--- START ---

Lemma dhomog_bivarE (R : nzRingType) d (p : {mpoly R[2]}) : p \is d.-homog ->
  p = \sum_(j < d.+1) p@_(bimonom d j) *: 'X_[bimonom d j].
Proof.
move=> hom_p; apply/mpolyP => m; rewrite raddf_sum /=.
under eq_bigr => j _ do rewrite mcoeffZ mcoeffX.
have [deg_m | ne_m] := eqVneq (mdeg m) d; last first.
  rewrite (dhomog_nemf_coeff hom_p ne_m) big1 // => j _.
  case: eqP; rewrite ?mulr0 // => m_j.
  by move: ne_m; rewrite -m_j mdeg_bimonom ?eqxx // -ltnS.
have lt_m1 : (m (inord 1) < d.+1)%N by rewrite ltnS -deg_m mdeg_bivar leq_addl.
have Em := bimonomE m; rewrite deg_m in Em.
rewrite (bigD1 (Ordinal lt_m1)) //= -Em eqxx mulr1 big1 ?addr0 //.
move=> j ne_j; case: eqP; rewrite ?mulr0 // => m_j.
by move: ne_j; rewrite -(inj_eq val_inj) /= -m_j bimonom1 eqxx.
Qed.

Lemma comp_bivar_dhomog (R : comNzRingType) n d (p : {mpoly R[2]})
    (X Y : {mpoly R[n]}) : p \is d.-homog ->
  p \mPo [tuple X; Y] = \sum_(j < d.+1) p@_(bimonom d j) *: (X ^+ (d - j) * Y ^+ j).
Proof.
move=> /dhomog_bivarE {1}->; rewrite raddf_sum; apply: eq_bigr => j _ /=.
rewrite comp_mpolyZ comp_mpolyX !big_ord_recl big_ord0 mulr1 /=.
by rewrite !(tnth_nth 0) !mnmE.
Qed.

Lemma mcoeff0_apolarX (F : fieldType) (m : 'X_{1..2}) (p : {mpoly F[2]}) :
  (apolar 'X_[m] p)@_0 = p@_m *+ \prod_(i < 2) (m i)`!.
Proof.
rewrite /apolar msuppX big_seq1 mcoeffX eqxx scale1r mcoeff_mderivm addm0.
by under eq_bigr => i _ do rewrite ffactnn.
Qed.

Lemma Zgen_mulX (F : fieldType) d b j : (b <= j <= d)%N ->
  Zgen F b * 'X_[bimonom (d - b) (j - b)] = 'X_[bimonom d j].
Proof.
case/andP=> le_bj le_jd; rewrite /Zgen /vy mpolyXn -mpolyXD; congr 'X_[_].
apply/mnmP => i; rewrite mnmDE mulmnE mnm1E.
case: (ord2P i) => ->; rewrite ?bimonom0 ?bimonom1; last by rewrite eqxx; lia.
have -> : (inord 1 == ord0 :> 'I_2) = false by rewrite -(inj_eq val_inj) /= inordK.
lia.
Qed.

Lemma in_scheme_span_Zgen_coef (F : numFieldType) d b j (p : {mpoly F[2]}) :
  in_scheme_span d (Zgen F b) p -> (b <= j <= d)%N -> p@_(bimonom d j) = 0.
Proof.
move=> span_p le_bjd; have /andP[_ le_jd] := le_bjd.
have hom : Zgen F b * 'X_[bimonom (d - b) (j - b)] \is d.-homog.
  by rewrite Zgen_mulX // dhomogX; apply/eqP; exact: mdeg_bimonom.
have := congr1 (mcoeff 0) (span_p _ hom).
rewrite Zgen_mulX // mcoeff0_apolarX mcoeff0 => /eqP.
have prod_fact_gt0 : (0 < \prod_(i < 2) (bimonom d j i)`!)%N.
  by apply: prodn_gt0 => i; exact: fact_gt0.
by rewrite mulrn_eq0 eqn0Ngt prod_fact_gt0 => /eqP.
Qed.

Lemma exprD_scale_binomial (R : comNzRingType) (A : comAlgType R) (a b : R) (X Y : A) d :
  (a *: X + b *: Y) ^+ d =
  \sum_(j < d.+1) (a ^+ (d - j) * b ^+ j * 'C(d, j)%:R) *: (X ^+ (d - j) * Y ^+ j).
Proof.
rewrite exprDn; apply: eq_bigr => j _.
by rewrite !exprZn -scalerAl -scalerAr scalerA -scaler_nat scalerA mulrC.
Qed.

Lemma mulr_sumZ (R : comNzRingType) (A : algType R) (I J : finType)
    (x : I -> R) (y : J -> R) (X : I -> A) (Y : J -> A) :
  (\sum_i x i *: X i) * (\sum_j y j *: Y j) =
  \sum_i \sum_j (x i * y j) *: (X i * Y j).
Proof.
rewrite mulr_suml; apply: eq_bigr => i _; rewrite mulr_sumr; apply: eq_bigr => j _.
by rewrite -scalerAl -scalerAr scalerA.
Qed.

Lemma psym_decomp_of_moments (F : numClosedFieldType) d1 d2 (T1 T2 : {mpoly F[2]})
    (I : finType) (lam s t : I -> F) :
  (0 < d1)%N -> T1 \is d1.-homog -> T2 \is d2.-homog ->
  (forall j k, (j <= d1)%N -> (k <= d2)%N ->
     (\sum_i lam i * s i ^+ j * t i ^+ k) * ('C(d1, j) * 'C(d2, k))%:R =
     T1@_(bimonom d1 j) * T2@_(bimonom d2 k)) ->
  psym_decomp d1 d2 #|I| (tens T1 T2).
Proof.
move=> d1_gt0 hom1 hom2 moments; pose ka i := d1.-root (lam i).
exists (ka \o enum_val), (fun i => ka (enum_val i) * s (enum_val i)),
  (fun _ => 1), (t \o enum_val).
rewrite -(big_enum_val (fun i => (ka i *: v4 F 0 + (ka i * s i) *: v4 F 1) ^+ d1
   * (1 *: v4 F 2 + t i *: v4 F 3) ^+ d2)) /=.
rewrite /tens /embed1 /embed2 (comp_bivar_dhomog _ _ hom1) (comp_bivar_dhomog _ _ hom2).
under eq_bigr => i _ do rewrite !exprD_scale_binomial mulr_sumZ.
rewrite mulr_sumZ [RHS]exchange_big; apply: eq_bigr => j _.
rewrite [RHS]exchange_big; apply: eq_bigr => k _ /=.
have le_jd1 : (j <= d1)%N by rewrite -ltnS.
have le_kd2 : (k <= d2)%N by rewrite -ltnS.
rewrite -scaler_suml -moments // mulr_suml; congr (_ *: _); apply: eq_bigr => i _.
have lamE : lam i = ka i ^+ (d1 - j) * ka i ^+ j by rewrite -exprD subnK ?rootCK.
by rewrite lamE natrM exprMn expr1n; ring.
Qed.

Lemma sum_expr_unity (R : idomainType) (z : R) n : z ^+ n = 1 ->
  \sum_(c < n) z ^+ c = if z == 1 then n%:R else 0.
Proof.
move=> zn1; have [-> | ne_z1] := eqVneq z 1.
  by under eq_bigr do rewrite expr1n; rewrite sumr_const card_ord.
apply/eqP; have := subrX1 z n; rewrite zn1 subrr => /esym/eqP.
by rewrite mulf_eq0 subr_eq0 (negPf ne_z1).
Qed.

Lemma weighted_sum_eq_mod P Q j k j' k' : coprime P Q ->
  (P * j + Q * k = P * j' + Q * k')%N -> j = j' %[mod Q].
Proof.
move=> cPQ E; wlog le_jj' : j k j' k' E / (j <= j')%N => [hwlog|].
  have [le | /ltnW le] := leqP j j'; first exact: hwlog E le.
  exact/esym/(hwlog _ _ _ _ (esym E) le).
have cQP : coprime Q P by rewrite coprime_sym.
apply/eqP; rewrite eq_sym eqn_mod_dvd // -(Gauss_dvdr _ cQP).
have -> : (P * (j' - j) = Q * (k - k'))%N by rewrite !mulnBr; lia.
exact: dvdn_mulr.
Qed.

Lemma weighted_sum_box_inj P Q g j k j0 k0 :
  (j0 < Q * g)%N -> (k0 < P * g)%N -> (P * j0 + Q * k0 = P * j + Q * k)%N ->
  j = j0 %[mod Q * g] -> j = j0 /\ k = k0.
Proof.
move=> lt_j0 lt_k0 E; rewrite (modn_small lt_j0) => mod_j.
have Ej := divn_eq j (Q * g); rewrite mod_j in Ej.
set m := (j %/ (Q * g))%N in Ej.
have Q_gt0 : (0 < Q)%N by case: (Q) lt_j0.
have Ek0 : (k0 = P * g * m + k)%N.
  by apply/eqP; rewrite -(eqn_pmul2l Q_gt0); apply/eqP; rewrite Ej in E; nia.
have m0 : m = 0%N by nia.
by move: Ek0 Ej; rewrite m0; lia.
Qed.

--- END ---

→ Task item: Only the lines above starting at the one containing "have [deg_m |" and ending at the one containing "by rewrite Zgen_mulX", both included, are to be returned, exactly as they read.

→ Answer space:
have [deg_m | ne_m] := eqVneq (mdeg m) d; last first.
  rewrite (dhomog_nemf_coeff hom_p ne_m) big1 // => j _.
  case: eqP; rewrite ?mulr0 // => m_j.
  by move: ne_m; rewrite -m_j mdeg_bimonom ?eqxx // -ltnS.
have lt_m1 : (m (inord 1) < d.+1)%N by rewrite ltnS -deg_m mdeg_bivar leq_addl.
have Em := bimonomE m; rewrite deg_m in Em.
rewrite (bigD1 (Ordinal lt_m1)) //= -Em eqxx mulr1 big1 ?addr0 //.
move=> j ne_j; case: eqP; rewrite ?mulr0 // => m_j.
by move: ne_j; rewrite -(inj_eq val_inj) /= -m_j bimonom1 eqxx.
Qed.

Lemma comp_bivar_dhomog (R : comNzRingType) n d (p : {mpoly R[2]})
    (X Y : {mpoly R[n]}) : p \is d.-homog ->
  p \mPo [tuple X; Y] = \sum_(j < d.+1) p@_(bimonom d j) *: (X ^+ (d - j) * Y ^+ j).
Proof.
move=> /dhomog_bivarE {1}->; rewrite raddf_sum; apply: eq_bigr => j _ /=.
rewrite comp_mpolyZ comp_mpolyX !big_ord_recl big_ord0 mulr1 /=.
by rewrite !(tnth_nth 0) !mnmE.
Qed.

Lemma mcoeff0_apolarX (F : fieldType) (m : 'X_{1..2}) (p : {mpoly F[2]}) :
  (apolar 'X_[m] p)@_0 = p@_m *+ \prod_(i < 2) (m i)`!.
Proof.
rewrite /apolar msuppX big_seq1 mcoeffX eqxx scale1r mcoeff_mderivm addm0.
by under eq_bigr => i _ do rewrite ffactnn.
Qed.

Lemma Zgen_mulX (F : fieldType) d b j : (b <= j <= d)%N ->
  Zgen F b * 'X_[bimonom (d - b) (j - b)] = 'X_[bimonom d j].
Proof.
case/andP=> le_bj le_jd; rewrite /Zgen /vy mpolyXn -mpolyXD; congr 'X_[_].
apply/mnmP => i; rewrite mnmDE mulmnE mnm1E.
case: (ord2P i) => ->; rewrite ?bimonom0 ?bimonom1; last by rewrite eqxx; lia.
have -> : (inord 1 == ord0 :> 'I_2) = false by rewrite -(inj_eq val_inj) /= inordK.
lia.
Qed.

Lemma in_scheme_span_Zgen_coef (F : numFieldType) d b j (p : {mpoly F[2]}) :
  in_scheme_span d (Zgen F b) p -> (b <= j <= d)%N -> p@_(bimonom d j) = 0.
Proof.
move=> span_p le_bjd; have /andP[_ le_jd] := le_bjd.
have hom : Zgen F b * 'X_[bimonom (d - b) (j - b)] \is d.-homog.
  by rewrite Zgen_mulX // dhomogX; apply/eqP; exact: mdeg_bimonom.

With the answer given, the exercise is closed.